4. TV2 is SD only. Note that TV2 is an _output_ and the 2nd satellite _tuner_ is fully capable of recording HD that can by viewed in HD on TV1. Everything viewed on TV2 is downconverted.

6. Some EKB pages may be of interest: Dish 1000, ViP622, Dish HD channels

TimL,
There are no Dish HD locals on 148.


----------



## TimL (Apr 24, 2002)

BobaBird:
Thanks for the clarification of Dish locals on 148..Small update..I just today purchased a JVC 30" HDTV..Took me awhile to figure out the setup but now having it work as my TV2 on the 522. Without an antenna I am picking up WDLI 17 Canton and WNEO 45 Alliance-PBS. Am waiting for my Dish 622 install scheduled between 12-5 today. The HDTV will be my TV1 then with my 35" Panasonic being TV2..


----------



## Cokeswigga (Jan 25, 2005)

TimL said:


> The HD locals are either on 61.5 or 148 degree Satellites, so if you want Dish
> 
> I hope I helped you a little bit. Others may correct me on some things. I have been reading up in preparation for my own install. A lot of information to soak in..Good luck..
> 
> Edit:Cokeswigga above really laid out thing well for you..


Actually for L.A. the locals are on 129. For HD you will need a 1000 or a 2-dish setup

http://ekb.dbstalk.com/129list.htm


----------



## Jim5506 (Jun 7, 2004)

Each tuner can see only one satellite at a time, but with multiple tuners you can watch different satellites simultaneoously, and can switch to any channel you are approved to receive.


----------



## bestivo (Feb 14, 2007)

Thanks for all the replies,

I will probably need to get at least 2 different tuners as we're getting 3 HDTVs.


The TV2 is very nice on the 622 but only SD kinda sux.


----------



## quizzer (Aug 29, 2006)

I stay in orange county (92653) and my patio can see only 61.5 E*), 95, 101 (DTV) and not 110/119/129.
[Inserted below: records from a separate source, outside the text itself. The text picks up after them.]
Let be_lin : lin be.
Proof. by case: rho_rep => _ []. Qed.
Let be_even : even_map DM DM be.
Proof. by case: rho_rep => _ [_ []]. Qed.
Let rho_lin x : lin (rho x).
Proof. by case: rho_rep => _ [_ [_ []]]. Qed.
Let rho_linl (c : K) x y m : rho (c *: x + y) m = c *: rho x m + rho y m.
Proof. by case: rho_rep => _ [_ [_ [_ []]]]. Qed.
Let rho_deg a b x m : Dg a x -> DM b m -> DM (a + b) (rho x m).
Proof. by case: rho_rep => _ [_ [_ [_ [_ [deg _]]]]]; apply: deg. Qed.
Let rho_br a b x y m : Dg a x -> Dg b y ->
  rho (br x y) (be m) = rho (al x) (rho y m) - eps a b *: rho (al y) (rho x m).
Proof. by case: rho_rep => _ [_ [_ [_ [_ [_ [rep _]]]]]]; apply: rep. Qed.
Let be_rho x m : be (rho x m) = rho (al x) (be m).
Proof. by case: rho_rep => _ [_ [_ [_ [_ [_ []]]]]]. Qed.

Let rhot_br a b c x y f : Dg a x -> Dg b y -> dual_hom DM c f ->
  rhot eps rho (a + b) c (br x y) (f \o be) =
  (fun n => rhot eps rho a (b + c) (al x) (rhot eps rho b c y f) n
            - eps a b * rhot eps rho b (a + c) (al y) (rhot eps rho a c x f) n).
Proof.
by case: rhot_rep => rep _ xa yb fc; apply: functional_extensionality; apply: rep.
Qed.
Let rhot_comp_be a c x f : Dg a x -> dual_hom DM c f ->
  rhot eps rho a c x f \o be = rhot eps rho a c (al x) (f \o be).
Proof.
by case: rhot_rep => _ rep xa fc; apply: functional_extensionality; apply: rep.
Qed.

Let tens_bilin : bilin_dual DM tens.
Proof. by case: tens_tensor. Qed.
Let brT_linr u : lin (brT u).
Proof. by case: brT_bilin => BL _; apply: BL. Qed.
Let brT_linl v : lin (brT^~ v).
Proof. by case: brT_bilin => _ BR; apply: BR. Qed.

Lemma Dmap_tens_deg a b S m f :
  DM a m -> dual_hom DM b f -> a + b = S -> Dg S (Dmap (tens m f)).
Proof.
move=> ma fb <-; apply: Dmap_deg.
by exists 1%N, (fun=> a), (fun=> b), (fun=> m), (fun=> f); rewrite big_ord1.
Qed.

Lemma B_nondeg_homog S w : Dg S w -> (forall e z, Dg e z -> B z w = 0) -> w = 0.
Proof.
move=> wS Bw0; apply: B_nondeg => y; have [n [a [v [va ->]]]] := Dg_decomp y.
rewrite (lin_sum _ _ _ (lin_form_lin (B_linr w))); apply: big1 => i _.
by rewrite (B_eps_sym wS (va i)) (Bw0 _ _ (va i)) mulr0.
Qed.

Lemma Dmap_tens_be p q m f : DM p m -> dual_hom DM q f ->
  Dmap (tens (be m) (f \o be)) = al (Dmap (tens m f)).
Proof.
move=> mp fq; apply/eqP; rewrite -subr_eq0; apply/eqP.
apply: (@B_nondeg_homog (p + q)).
  apply: subspaceB (Dg_subspace _) _ _.
    exact: Dmap_tens_deg (be_even mp) (dual_hom_comp be_lin be_even fq) _.
  exact/al_even/(Dmap_tens_deg mp fq).
move=> e z ze; have BL := lin_form_lin (B_linr z).
rewrite (linB _ _ BL) (B_Dmap ze (be_even mp) (dual_hom_comp be_lin be_even fq)).
by rewrite -B_al (B_Dmap (al_even ze) mp fq) /= be_rho !alK beK subrr.
Qed.

(* Phi_z on the pure tensor m (x) f, for z of degree Z, m of degree c, f of degree d. *)
Definition tens_act (Z : G) (z : g) (m : M) (c : G) (f : M -> K) (d : G) : T :=
  tens (rho z m) (f \o be) + eps Z c *: tens (be m) (rhot eps rho Z d z f).

Lemma Dmap_tens_act A x m c f d : Dg A x -> DM c m -> dual_hom DM d f ->
  Dmap (tens_act A x m c f d) = br x (Dmap (tens m f)).
Proof.
move=> xA mc fd; have fLK := lin_form_lin fd.1.
have fbe := dual_hom_comp be_lin be_even fd; have fx := dual_hom_rhot eps rho_lin rho_deg xA fd.
have xmf : Dg (A + (c + d)) (br x (Dmap (tens m f))).
  exact/br_deg/(Dmap_tens_deg mc fd).
rewrite /tens_act (linD _ _ Dmap_lin) (linZ _ _ Dmap_lin).
apply/eqP; rewrite -subr_eq0; apply/eqP; apply: (B_nondeg_homog (S := A + (c + d))).
  apply: subspaceB (Dg_subspace _) _ xmf; apply: subspaceD (Dg_subspace _) _ _.
    by apply: Dmap_tens_deg (rho_deg xA mc) fbe _; rewrite addrA.
  by apply: subspaceZ (Dg_subspace _) _; apply: Dmap_tens_deg (be_even mc) fx _; rewrite addrCA.
move=> e z ze; have BL := lin_form_lin (B_linr z).
rewrite (linB _ _ BL) (linD _ _ BL) (linZ _ _ BL) /GRing.scale /=.
rewrite (B_Dmap ze (rho_deg xA mc) fbe) (B_Dmap ze (be_even mc) fx).
rewrite -B_invariant (B_Dmap (br_deg ze xA) mc fd) /rhot /= al_multiplicative.
have := rho_br (be m) (al_even ze) (al_even xA); rewrite beK !alK => ->.
rewrite (linB _ _ fLK) (linZ _ _ fLK) be_rho alK be_rho.
have eps_swap : eps c A = (eps A c)^-1.
  by apply: (mulfI (eps_neq0 A c)); rewrite eps_antisym divff.
by rewrite !epsDl !epsDr eps_swap /GRing.scale /=; field.
Qed.

Lemma brT_tens_act p q S m f c d m' f' : DM p m -> dual_hom DM q f -> p + q = S ->
  DM c m' -> dual_hom DM d f' ->
  brT (tens m f) (tens m' f') = tens_act S (Dmap (tens m f)) m' c f' d.
Proof. by move=> mp fq <- m'c f'd; rewrite (brT_tens mp fq m'c f'd). Qed.

Lemma tens_act_addl S z1 z2 e m c f d : Dg S z1 -> Dg S z2 -> dual_hom DM d f ->
  tens_act S z1 m c f d + e *: tens_act S z2 m c f d = tens_act S (z1 + e *: z2) m c f d.
Proof.
move=> z1S z2S fd; have tensL := bilin_dual_linl tens_bilin.
have fbe := dual_hom_gdual (dual_hom_comp be_lin be_even fd).
rewrite /tens_act; have -> : rhot eps rho S d (z1 + e *: z2) f =
    (fun n => e * rhot eps rho S d z2 f n + rhot eps rho S d z1 f n).
  by apply: functional_extensionality => n; rewrite /rhot addrC rho_linl fd.1; ring.
rewrite [z1 + _]addrC rho_linl (linD _ _ (tensL _ fbe)) (linZ _ _ (tensL _ fbe)).
have r1 := dual_hom_gdual (dual_hom_rhot eps rho_lin rho_deg z1S fd).
have r2 := dual_hom_gdual (dual_hom_rhot eps rho_lin rho_deg z2S fd).
rewrite tens_bilin.2 //.
rewrite !scalerDr !scalerA [eps S c * e]mulrC addrACA.
by congr (_ + _); apply: addrC.
Qed.

Lemma brT_tau_tens_act p q m f Z z c d m' f' :
  DM p m -> dual_hom DM q f -> Dg Z z -> DM c m' -> dual_hom DM d f' ->
  let x := Dmap (tens m f) in
  brT (tau (tens m f)) (tens_act Z z m' c f' d) =
    tens_act (p + q) (al x) (rho z m') (Z + c) (f' \o be) d
    + eps Z c *: tens_act (p + q) (al x) (be m') c (rhot eps rho Z d z f') (Z + d).
Proof.
move=> mp fq zZ m'c f'd x.
have fbe := dual_hom_comp be_lin be_even fq.
rewrite tau_tens; last exact: dual_hom_gdual fq.
rewrite [tens_act Z _ _ _ _ _]/tens_act.
rewrite (linD _ _ (brT_linr _)) (linZ _ _ (brT_linr _)) -(Dmap_tens_be mp fq).
rewrite (brT_tens_act (be_even mp) fbe erefl (rho_deg zZ m'c) (dual_hom_comp be_lin be_even f'd)).
by rewrite (brT_tens_act (be_even mp) fbe erefl (be_even m'c) (dual_hom_rhot eps rho_lin rho_deg zZ f'd)).
Qed.
Lemma steps_vanish_of_cv {X : Type} (d : X -> X -> R) (Y : nat -> X) :
  (forall a b, 0 <= d a b) ->
  Un_cv (fun n => d (Y n) (Y (S n)) + d (Y n) (Y (S (S n)))) 0 -> steps_vanish d Y.
Proof.
  intros Hd0 Hcv alpha Halpha. destruct (Hcv alpha Halpha) as [N HN].
  exists N. intros p Hp. specialize (HN p Hp).
  unfold R_dist in HN. rewrite Rminus_0_r in HN.
  pose proof (Rle_abs (d (Y p) (Y (S p)) + d (Y p) (Y (S (S p))))).
  pose proof (Hd0 (Y p) (Y (S p))). pose proof (Hd0 (Y p) (Y (S (S p)))).
  lra.
Qed.

Lemma not_gm_cauchy {X : Type} (d : X -> X -> R) (Y : nat -> X) :
  ~ gm_cauchy d Y ->
  exists eps, 0 < eps /\ forall N, exists n k, (N <= n)%nat /\ eps < d (Y n) (Y (n + 1 + k)%nat).
Proof.
  intros Hnc. apply not_all_ex_not in Hnc as [eps Hnc].
  apply imply_to_and in Hnc as [Heps Hnc]. exists eps. split; [exact Heps|].
  intros N. apply not_ex_all_not with (n := N) in Hnc.
  apply not_all_ex_not in Hnc as [n Hnc]. apply imply_to_and in Hnc as [Hn Hnc].
  apply not_all_ex_not in Hnc as [k Hnc]. exists n, k. split; [exact Hn|].
  now apply Rnot_le_lt.
Qed.

Lemma least_witness (P : nat -> Prop) :
  (exists n, P n) -> exists q, P q /\ forall r, P r -> (q <= r)%nat.
Proof.
  intros HP.
  destruct (dec_inh_nat_subset_has_unique_least_element P (fun n => classic (P n)) HP)
    as (q & Hq & _).
  now exists q.
Qed.

Lemma increasing_pairs_of_frequent (P : nat -> nat -> Prop) :
  (forall M, exists p q, (M <= p)%nat /\ (M <= q)%nat /\ P p q) ->
  exists p q : nat -> nat, strictly_increasing p /\ strictly_increasing q /\
    forall i, P (p i) (q i).
Proof.
  intros HP.
  assert (pick : forall M, {pq : nat * nat | (M <= fst pq)%nat /\ (M <= snd pq)%nat /\
                                             P (fst pq) (snd pq)}).
  { intros M. apply constructive_indefinite_description.
    destruct (HP M) as (p & q & Hpq). now exists (p, q). }
  set (next := fun pq : nat * nat => proj1_sig (pick (S (Nat.max (fst pq) (snd pq))))).
  set (s := fun i => iter i next (proj1_sig (pick 0%nat))).
  assert (Hstep : forall k, (fst (s k) < fst (s (S k)))%nat /\ (snd (s k) < snd (s (S k)))%nat).
  { intros k. change (s (S k)) with (next (s k)). unfold next.
    pose proof (proj2_sig (pick (S (Nat.max (fst (s k)) (snd (s k)))))) as Hpick.
    cbv beta in Hpick. lia. }
  exists (fun i => fst (s i)), (fun i => snd (s i)). repeat split.
  - intros k. apply Hstep.
  - intros k. apply Hstep.
  - intros [|k]; apply (proj2_sig (pick _)).
Qed.

Lemma separated_pairs_frequent (nu : nat) (X : Type) (d m : X -> X -> R) (Y : nat -> X)
  (eps delta : R) (N0 : nat) :
  (1 <= nu)%nat -> gen_metric nu d -> (forall i j, Y i = Y j -> i = j) ->
  steps_vanish d Y -> 0 < eps -> 0 < delta ->
  (forall p q, (N0 <= p)%nat -> (N0 <= q)%nat ->
     m (Y p) (Y q) < delta + eps -> d (Y (S p)) (Y (S q)) <= eps) ->
  (forall N, exists n k, (N <= n)%nat /\ eps < d (Y n) (Y (n + 1 + k)%nat)) ->
  forall M, exists p q, (M <= p)%nat /\ (M <= q)%nat /\
    eps + delta <= m (Y p) (Y q) /\ d (Y p) (Y q) <= eps + delta / 2.
Proof.
  intros Hnu Hd Yinj Hsteps Heps Hdelta Hclose Hbad M.
  set (alpha := Rmin eps (delta / 2) / INR (S nu)).
  assert (HSnu : 0 < INR (S nu)) by (apply lt_0_INR; lia).
  assert (Hmin : 0 < Rmin eps (delta / 2)) by (apply Rmin_glb_lt; lra).
  assert (Halpha : 0 < alpha) by (apply Rdiv_lt_0_compat; lra).
  assert (Hwalk_eps : INR (S nu) * alpha <= eps).
  { unfold alpha. field_simplify; [apply Rmin_l | lra]. }
  assert (Hwalk_delta : INR (S nu) * alpha <= delta / 2).
  { unfold alpha. field_simplify; [apply Rmin_r | lra]. }
  destruct (Hsteps alpha Halpha) as [N1 HN1].
  destruct (Hbad (S (Nat.max M (Nat.max N0 N1)))) as (n & k & Hn & Hgap).
  destruct (least_witness (fun q => (n < q)%nat /\ eps < d (Y n) (Y q)))
    as (q & [Hnq Hexit] & Hfirst); [exists (n + 1 + k)%nat; split; [lia | exact Hgap]|].
  assert (Hinside : forall r, (n < r < q)%nat -> d (Y n) (Y r) <= eps).
  { intros r Hr. apply Rnot_lt_le. intro Hout.
    specialize (Hfirst r (conj (proj1 Hr) Hout)). lia. }
  assert (Hfar : (n + S nu < q)%nat).
  { apply Nat.nle_gt. intro Hnear.
    pose proof (dist_near_le nu X d Hd Y N1 alpha Yinj HN1 n (q - n) ltac:(lia) ltac:(lia)).
    replace (n + (q - n))%nat with q in * by lia. lra. }
  exists (pred n), (pred q). repeat split; try lia.
  - apply Rnot_lt_le. intro Hm.
    pose proof (Hclose (pred n) (pred q) ltac:(lia) ltac:(lia) ltac:(lra)) as Hd'.
    replace (S (pred n)) with n in Hd' by lia. replace (S (pred q)) with q in Hd' by lia.
    lra.
  - pose proof (dist_le_via_jump nu X d Hd Y N1 alpha Yinj HN1 (pred n) (q - nu)
                  Hnu ltac:(lia) ltac:(lia)) as Hjump.
    replace (q - nu + pred nu)%nat with (pred q) in Hjump by lia.
    replace (S (pred n)) with n in Hjump by lia.
    pose proof (Hinside (q - nu)%nat ltac:(lia)).
    rewrite S_INR in Hwalk_delta. lra.
Qed.

Theorem theorem3p3 (nu : nat) (X : Type) (d : X -> X -> R) (T : X -> X)
  (m : X -> X -> R) (x : X) :
  (1 <= nu)%nat ->
  gen_metric nu d ->
  (forall a b, 0 <= m a b) ->
  (forall eps, 0 < eps -> exists delta N, 0 < delta /\
     forall p q, (N <= p)%nat -> (N <= q)%nat ->
       m (iter p T x) (iter q T x) < delta + eps ->
       d (iter (S p) T x) (iter (S q) T x) <= eps) ->
  (forall p q : nat -> nat, strictly_increasing p -> strictly_increasing q ->
     limsup_le (fun i => m (iter (p i) T x) (iter (q i) T x))
               (fun i => d (iter (p i) T x) (iter (q i) T x))) ->
  Un_cv (fun n => d (iter n T x) (iter (S n) T x) + d (iter n T x) (iter (S (S n)) T x)) 0 ->
  gm_cauchy d (fun n => iter n T x).
Proof.
  intros Hnu Hd _ Hclose Hlimsup Hcv.
  pose proof Hd as (Hd0 & Hdeq & _).
  pose proof (steps_vanish_of_cv d (fun n => iter n T x) Hd0 Hcv) as Hsteps.
  destruct (classic (exists i j, (i < j)%nat /\ iter i T x = iter j T x))
    as [(i & j & Hij & Hrep)|Hnorep].
  - apply (gm_cauchy_of_eventually_const d _ i); [intro; now apply Hdeq|].
    apply (orbit_const_of_repeat d T x i j); auto. intros a b. apply Hdeq.
  - assert (Yinj : forall i j, iter i T x = iter j T x -> i = j).
    { intros i j E. destruct (Nat.lt_total i j) as [Hij|[Hij|Hij]]; auto;
        exfalso; apply Hnorep; eauto. }
    apply NNPP. intros Hnc.
    destruct (not_gm_cauchy _ _ Hnc) as (eps & Heps & Hbad).
    destruct (Hclose eps Heps) as (delta & N0 & Hdelta & HN0).
    destruct (increasing_pairs_of_frequent _
                (separated_pairs_frequent nu X d m _ eps delta N0
                   Hnu Hd Yinj Hsteps Heps Hdelta HN0 Hbad))
      as (p & q & Hp & Hq & Hpq).
    pose proof (limsup_le_bounds _ _ (eps + delta) (eps + delta / 2) (Hlimsup p q Hp Hq)
                  (fun i => proj1 (Hpq i)) (fun i => proj2 (Hpq i))).
    lra.
Qed.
I have DTV for english and some international channels on E*.

If i want to go for HD, please advise me on the following:

1. DTV is ruled out since their HD satellites are on 110/119 (When will they put their HD stuff in soon to be launched 99/103)?

2. Can i get VOOM HD channels and NY local HD's from E*since LA locals are on 129?

3. If i choose 3 option:

- what all HD channels will i lose out that arent there in 61.5?
-monthly price and one time charge for it?

Thanks,


----------



## garys (Nov 4, 2005)

Dish will not sell you the HD package if you cannot get the two sat needed for them, nor will the give out of market locals. Looks like you are 0 for 2 with Dish.


----------



## quizzer (Aug 29, 2006)

garys said:


> Dish will not sell you the HD package if you cannot get the two sat needed for them, nor will the give out of market locals. Looks like you are 0 for 2 with Dish.


Thanks for responding.

I need to wait till DTV mirrors the HD feed in 99/103.


----------